Exercise aim >> Below are some records. Return exactly the lines from the one containing "rewrite (dy_eq c) in E by lra." through the one containing "that grade $\phi$.", both included, and only those.
------------------------------------
(* Let $0\le\alpha\le\beta\le\pi/2$, $P_1,P_2>0$, and let $\theta^*\in[\alpha,\beta]$ be a maximizer of $\phi$ on $[\alpha,\beta]$. (i) On $[\theta^*,\beta]$ consider the upper-diagonal corner curve $x(\theta)=\frac12\ln(1+\phi(\theta))-\frac12\ln(1+\phi_2(\theta))$, $y(\theta)=\frac12\ln(1+\phi_2(\theta))$; then along this curve $\frac{d^2y}{dx^2}\le0$, i.e. $y$ is a concave function of $x$. (ii) On $[\alpha,\theta^*]$ consider the lower-diagonal corner curve $x(\theta)=\frac12\ln(1+\phi_1(\theta))$, $y(\theta)=\frac12\ln(1+\phi(\theta))-\frac12\ln(1+\phi_1(\theta))$; then along this curve $y$ is likewise a concave function of $x$.
   Context: $\phi_1(\theta)=P_1\cos^2(\theta-\alpha)$, $\phi_2(\theta)=P_2\cos^2(\theta-\beta)$, $\phi=\phi_1+\phi_2$. These curves are the corner points (maximizing $R_2$ then $R_1$, resp. $R_1$ then $R_2$, on the dominant face) of the pentagonal rate sets $\{(R_1,R_2)\ge0:R_1\le\mathcal C(\phi_1(\theta)),R_2\le\mathcal C(\phi_2(\theta)),R_1+R_2\le\mathcal C(\phi(\theta))\}$, with rates in nats. *)

From Stdlib Require Import Reals.
Open Scope R_scope.

Definition Cap (p : R) : R := / 2 * ln (1 + p).

Definition phi1 (P1 alpha theta : R) : R := P1 * (cos (theta - alpha)) ^ 2.
Definition phi2 (P2 beta theta : R) : R := P2 * (cos (theta - beta)) ^ 2.
Definition phi (P1 P2 alpha beta theta : R) : R :=
  phi1 P1 alpha theta + phi2 P2 beta theta.

Definition concave_on (S : R -> Prop) (g : R -> R) : Prop :=
  forall u v t, S u -> S v -> 0 <= t <= 1 ->
    t * g u + (1 - t) * g v <= g (t * u + (1 - t) * v).

(* "y is a concave function of x along the curve theta |-> (x theta, y theta),
   theta in [a,b]": there is g, concave on the range of x over [a,b],
   with y theta = g (x theta) for all theta in [a,b]. *)
Definition concave_curve (x y : R -> R) (a b : R) : Prop :=
  exists g : R -> R,
    concave_on (fun u => exists th, a <= th <= b /\ u = x th) g /\
    forall th, a <= th <= b -> y th = g (x th).

From Stdlib Require Import Reals Lra Psatz ClassicalEpsilon.
From Coquelicot Require Import Coquelicot.
Open Scope R_scope.

(* Along a curve t |-> (x t, y t) with x strictly decreasing, y is a concave function
   of x as soon as the slope dy/dx is nondecreasing in t: Cauchy's mean value theorem
   turns this into monotone chord slopes.  On both corner curves dy/dx is a monotone
   function of S = (1 + phi1'/phi2') (1 + phi2)/(1 + phi) (resp. of T, with the roles of
   phi1 and phi2 exchanged).  The ratio phi1'/phi2' is nonincreasing on [alpha, beta],
   since phi1'(t2) phi2'(t1) - phi1'(t1) phi2'(t2) = - P1 P2 sin 2(beta - alpha)
   sin 2(t2 - t1); the same single-crossing property gives phi' <= 0 after the
   maximizer and phi' >= 0 before it, which fixes the signs of both factors. *)

Lemma cauchy_mvt (f g df dg : R -> R) (a b : R) : a < b ->
  (forall t, is_derive f t (df t)) -> (forall t, is_derive g t (dg t)) ->
  exists c, a < c < b /\ (g b - g a) * df c = (f b - f a) * dg c.
Proof.
  intros ab f_der g_der.
  assert (f_derivable : forall c, a < c < b -> derivable_pt f c)
    by (intros c _; exists (df c); apply is_derive_Reals, f_der).
  assert (g_derivable : forall c, a < c < b -> derivable_pt g c)
    by (intros c _; exists (dg c); apply is_derive_Reals, g_der).
  destruct (MVT f g a b f_derivable g_derivable ab) as [c [c_in E]].
  - intros c _; apply derivable_continuous_pt; exists (df c); apply is_derive_Reals, f_der.
  - intros c _; apply derivable_continuous_pt; exists (dg c); apply is_derive_Reals, g_der.
  - exists c; split; [exact c_in|].
    rewrite (derive_pt_eq_0 f c (df c) (f_derivable c c_in)) in E
      by apply is_derive_Reals, f_der.
    rewrite (derive_pt_eq_0 g c (dg c) (g_derivable c c_in)) in E
      by apply is_derive_Reals, g_der.
    exact E.
Qed.

Lemma mvt (f df : R -> R) (a b : R) : a < b -> (forall t, is_derive f t (df t)) ->
  exists c, a < c < b /\ f b - f a = df c * (b - a).
Proof.
  intros ab f_der.
  destruct (cauchy_mvt f id df (fun _ => 1) a b ab f_der is_derive_id) as [c [c_in E]].
  exists c; split; [exact c_in|]. unfold id in E. lra.
Qed.

Lemma is_derive_continuity (f df : R -> R) :
  (forall t, is_derive f t (df t)) -> continuity f.
Proof.
  intros f_der t; apply derivable_continuous_pt; exists (df t); apply is_derive_Reals, f_der.
Qed.

Lemma Rdiv_le_cross (a b c d : R) : 0 < b * d -> a * d <= c * b -> a / b <= c / d.
Proof.
  intros bd H.
  assert (b <> 0) by (intros ->; lra). assert (d <> 0) by (intros ->; lra).
  replace (a / b) with (a * d * / (b * d)) by (field; auto).
  replace (c / d) with (c * b * / (b * d)) by (field; auto).
  apply Rmult_le_compat_r; [left; apply Rinv_0_lt_compat|]; assumption.
Qed.

Lemma Rmult_nonpos_le_compat (g1 g2 h1 h2 : R) :
  g1 <= g2 -> g2 <= 0 -> 0 <= h2 -> h2 <= h1 -> g1 * h1 <= g2 * h2.
Proof. intros; nra. Qed.

Lemma Rinv_le_contravar_neg (u v : R) : u <= v -> v < 0 -> / v <= / u.
Proof.
  intros uv v_neg.
  replace (/ v) with (- / (- v)) by (field; lra).
  replace (/ u) with (- / (- u)) by (field; lra).
  apply Ropp_le_contravar, Rinv_le_contravar; lra.
Qed.

Lemma cos_sqr_decreasing (u v : R) : 0 <= u -> u <= v -> v <= PI / 2 -> cos v ^ 2 <= cos u ^ 2.
Proof.
  intros u_ge0 uv v_le.
  assert (0 <= cos v) by (apply cos_ge_0; lra).
  destruct (Req_dec u v) as [<-|u_neq_v]; [lra|].
  assert (cos v < cos u) by (apply cos_decreasing_1; lra). nra.
Qed.

Lemma is_derive_Cap (g : R -> R) (dg t : R) : is_derive g t dg -> 0 < 1 + g t ->
  is_derive (fun s => Cap (g s)) t (/ 2 * (dg / (1 + g t))).
Proof.
  intros g_der g_pos. unfold Cap. auto_derive.
  - repeat split; [exists dg; exact g_der|exact g_pos].
  - replace (Derive (fun s => g s) t) with dg by (symmetry; apply is_derive_unique, g_der).
    field. lra.
Qed.

Section ConcaveParametrization.

Variables (x y dx dy q : R -> R) (a b : R).
Hypothesis x_der : forall t, is_derive x t (dx t).
Hypothesis y_der : forall t, is_derive y t (dy t).
Hypothesis dx_neg : forall t, a < t < b -> dx t < 0.
Hypothesis dy_eq : forall t, a < t < b -> dy t = q t * dx t.
Hypothesis q_incr : forall t1 t2, a < t1 -> t1 <= t2 -> t2 < b -> q t1 <= q t2.

Lemma param_decreasing (t1 t2 : R) : a <= t1 -> t1 < t2 -> t2 <= b -> x t2 < x t1.
Proof.
  intros t1_ge t12 t2_le.
  destruct (mvt x dx t1 t2 t12 x_der) as [c [c_in E]].
  assert (dx c < 0) by (apply dx_neg; lra). nra.
Qed.

Lemma param_chord (t1 t2 : R) : a <= t1 -> t1 < t2 -> t2 <= b ->
  exists c, t1 < c < t2 /\ y t2 - y t1 = q c * (x t2 - x t1).
Proof.
  intros t1_ge t12 t2_le.
  destruct (cauchy_mvt y x dy dx t1 t2 t12 y_der x_der) as [c [c_in E]].
  exists c; split; [exact c_in|].
  assert (dx c < 0) by (apply dx_neg; lra).
  rewrite (dy_eq c) in E by lra.
  apply (Rmult_eq_reg_r (dx c)); [lra|]. nra.
Qed.
(* Let $(\mathcal{C},\mathsf{I},\otimes,\lambda,\rho,\alpha)$ be a monoidal category with finite products, $\mathsf{T}=(T,\eta,\mu)$ a monoid in it, and $(\mathcal{E},\mathcal{M})$ an orthogonal factorization system on $\mathcal{C}$ such that: $\mathcal{E}$ is closed under $(-)\otimes S$ for every object $(S,s)$ of $\mathcal{M}/T$; the skew monoidal category $\mathcal{M}/\mathsf{T}=(\mathcal{M}/T,\mathsf{J},\boxdot)$ is monoidal; $\mathcal{E}$ contains all canonical morphisms $\langle\pi_i\otimes Y\rangle_i : (\prod_i X_i)\otimes Y\to\prod_i(X_i\otimes Y)$; and $\mathcal{E}$ is closed under finite products. Let $\phi:T^n\to T$ be an $n$-ary algebraic operation for $\mathsf{T}$ and let $(R_1,r_1),\dots,(R_n,r_n),(R',r')$ be objects of $\mathcal{M}/T$. Then there is a bijection between (1) morphisms $p:\prod_i R_i\to R'$ of $\mathcal{C}$ such that $r'\circ p = \phi\circ\prod_i r_i$, and (2) $(R_1,\dots,R_n;R')$-ary algebraic operations $\psi$ for the graded monoid $T_{\mathcal{M}}:\mathcal{M}/\mathsf{T}\to\mathcal{C}$ that grade $\phi$.
   Context: Orthogonal factorization system $(\mathcal{E},\mathcal{M})$: both classes contain isomorphisms and are closed under composition; every commuting square $g e = m f$ with $e\in\mathcal{E}$, $m\in\mathcal{M}$ has a unique diagonal $d$ ($de=f$, $md=g$); every morphism factors as $m\circ e$. A monoid: $\eta:\mathsf{I}\to T$, $\mu:T\otimes T\to T$ with the usual unit and associativity laws. $\mathcal{M}/T$: objects $(S,s)$ with $s:S\to T$ in $\mathcal{M}$; morphisms $f:(S,s)\to(S',s')$ with $s'f=s$. Factor $\eta=j\circ q$ with $q:\mathsf{I}\to\mathsf{J}$ in $\mathcal{E}$, $j$ in $\mathcal{M}$; factor $\mu\circ(s\otimes s')=(s\boxdot s')\circ q_{S,S'}$ with $q_{S,S'}:S\otimes S'\to S\boxdot S'$ in $\mathcal{E}$, $s\boxdot s'$ in $\mathcal{M}$. This gives a skew monoidal structure $(\mathcal{M}/T,(\mathsf{J},j),\boxdot)$, denoted $\mathcal{M}/\mathsf{T}$, whose action on morphisms and structure maps are the unique diagonals compatible with the $q$'s and the structure maps of $\mathcal{C}$; in particular $f\boxdot f'$ satisfies $(f\boxdot f')q_{S_1,S_1'}=q_{S_2,S_2'}(f\otimes f')$, the right unitor is $r_S = q_{S,\mathsf{J}}\circ(S\otimes q)\circ\rho_S$, and the associator $a$ satisfies $a\, q_{S\boxdot S',S''}(q_{S,S'}\otimes S'') = q_{S,S'\boxdot S''}(S\otimes q_{S',S''})\alpha_{S,S',S''}$. The graded monoid (lax monoidal functor) $T_{\mathcal{M}}:\mathcal{M}/\mathsf{T}\to\mathcal{C}$ sends $(S,s)\mapsto S$ with unit $q$ and multiplication $q_{S,S'}$. An $n$-ary algebraic operation for $\mathsf{T}$ is $\phi:T^n\to T$ with $\phi\circ\mu^n\circ\langle\pi_i\otimes T\rangle_i = \mu\circ(\phi\otimes T) : T^n\otimes T\to T$. For a lax monoidal functor $(G,\eta^G,\mu^G):(\mathcal{G},I,\odot)\to\mathcal{C}$ from a monoidal category with associator $\alpha^{\mathcal{G}}$, a $(d_1,\dots,d_n;d')$-ary algebraic operation is a natural family $\psi_e:\prod_i G(d_i\odot e)\to G(d'\odot e)$ ($e\in\mathcal{G}$) such that for all $e,e'$: $\psi_{e\odot e'}\circ\prod_i G(\alpha^{\mathcal{G}})\circ\prod_i\mu^G_{d_i\odot e,e'}\circ\langle\pi_i\otimes Ge'\rangle_i = G(\alpha^{\mathcal{G}})\circ\mu^G_{d'\odot e,e'}\circ(\psi_e\otimes Ge')$. Given a grading with $\mathcal{M}$-components $g_d:Gd\to T$ (a monoidal transformation), $\psi$ grades $\phi$ if $g_{d'\odot e}\circ\psi_e = \phi\circ\prod_i g_{d_i\odot e}$ for all $e$; for $T_{\mathcal{M}}$, $g_{(S,s)}=s$. *)

From mathcomp Require Import all_boot.
Set Implicit Arguments. Unset Strict Implicit. Unset Printing Implicit Defensive.
Lemma mup_prod_XsubC_exp (F : fieldType) n (d : 'I_n -> F) (m : 'I_n -> nat) x :
  mup x (\prod_k ('X - (d k)%:P) ^+ m k) = (\sum_k (d k == x) * m k)%N.
Proof.
suff [] : \prod_k ('X - (d k)%:P) ^+ m k \is monic /\
    mup x (\prod_k ('X - (d k)%:P) ^+ m k) = (\sum_k (d k == x) * m k)%N by [].
apply: (big_rec2 (fun (s : nat) (q : {poly F}) => q \is monic /\ mup x q = s)).
  by rewrite monic1 mupNroot // root1.
move=> k s q _ [q_monic <-]; have Xk_monic := monic_exp (m k) (monicXsubC (d k)).
rewrite monicMl // q_monic mupM ?monic_neq0 // mup_XsubCX.
by case: (d k == x); rewrite ?mul1n ?mul0n.
Qed.

Lemma sum_mul_indicator (R : pzSemiRingType) n (G : 'I_n -> R) i :
  \sum_k G k * (i == k)%:R = G i.
Proof.
rewrite (bigD1 i) //= eqxx mulr1 big1 ?addr0 // => k /negPf.
by rewrite eq_sym => ->; rewrite mulr0.
Qed.

Fact succ_ord_subproof n (y : 'I_n.-1) : (y.+1 < n)%N.
Proof. by rewrite -ltn_predRL. Qed.

Definition succ_ord n (y : 'I_n.-1) : 'I_n := Ordinal (succ_ord_subproof y).

Section BagEnumeration.
Variables (r : nat) (a : 'I_r -> nat).
Hypothesis a_gt0 : forall k, (0 < a k)%N.

(* Vertex y of bag k is [bag_rep k] for y = 0 and [bag_nonrep (k, y - 1)] otherwise. *)
Definition nonrep_vertex : finType := {k : 'I_r & 'I_(a k).-1}.

Definition bag_rep (k : 'I_r) : bagV a := Tagged (fun k => 'I_(a k)) (Ordinal (a_gt0 k)).

Definition bag_nonrep (s : nonrep_vertex) : bagV a :=
  Tagged (fun k => 'I_(a k)) (succ_ord (tagged s)).

Definition bag_enum (i : 'I_(r + #|nonrep_vertex|)) : bagV a :=
  match split i with inl k => bag_rep k | inr s => bag_nonrep (enum_val s) end.

Lemma bag_rep_inj : injective bag_rep.
Proof. by move=> k l /(congr1 tag). Qed.

Lemma bag_nonrep_inj : injective bag_nonrep.
Proof.
move=> [k y] [l z] /= e; have kl : k = l by move/(congr1 tag): e.
subst l; congr Tagged; apply/val_inj.
by move/(congr1 (fun u : bagV a => val (tagged u))): e => /= [].
Qed.

Lemma bag_rep_neq_nonrep k s : bag_rep k != bag_nonrep s.
Proof. by apply/eqP => /(congr1 (fun u : bagV a => val (tagged u))). Qed.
------------------------------------
Solution to this exercise >>
  rewrite (dy_eq c) in E by lra.
  apply (Rmult_eq_reg_r (dx c)); [lra|]. nra.
Qed.
(* Let $(\mathcal{C},\mathsf{I},\otimes,\lambda,\rho,\alpha)$ be a monoidal category with finite products, $\mathsf{T}=(T,\eta,\mu)$ a monoid in it, and $(\mathcal{E},\mathcal{M})$ an orthogonal factorization system on $\mathcal{C}$ such that: $\mathcal{E}$ is closed under $(-)\otimes S$ for every object $(S,s)$ of $\mathcal{M}/T$; the skew monoidal category $\mathcal{M}/\mathsf{T}=(\mathcal{M}/T,\mathsf{J},\boxdot)$ is monoidal; $\mathcal{E}$ contains all canonical morphisms $\langle\pi_i\otimes Y\rangle_i : (\prod_i X_i)\otimes Y\to\prod_i(X_i\otimes Y)$; and $\mathcal{E}$ is closed under finite products. Let $\phi:T^n\to T$ be an $n$-ary algebraic operation for $\mathsf{T}$ and let $(R_1,r_1),\dots,(R_n,r_n),(R',r')$ be objects of $\mathcal{M}/T$. Then there is a bijection between (1) morphisms $p:\prod_i R_i\to R'$ of $\mathcal{C}$ such that $r'\circ p = \phi\circ\prod_i r_i$, and (2) $(R_1,\dots,R_n;R')$-ary algebraic operations $\psi$ for the graded monoid $T_{\mathcal{M}}:\mathcal{M}/\mathsf{T}\to\mathcal{C}$ that grade $\phi$.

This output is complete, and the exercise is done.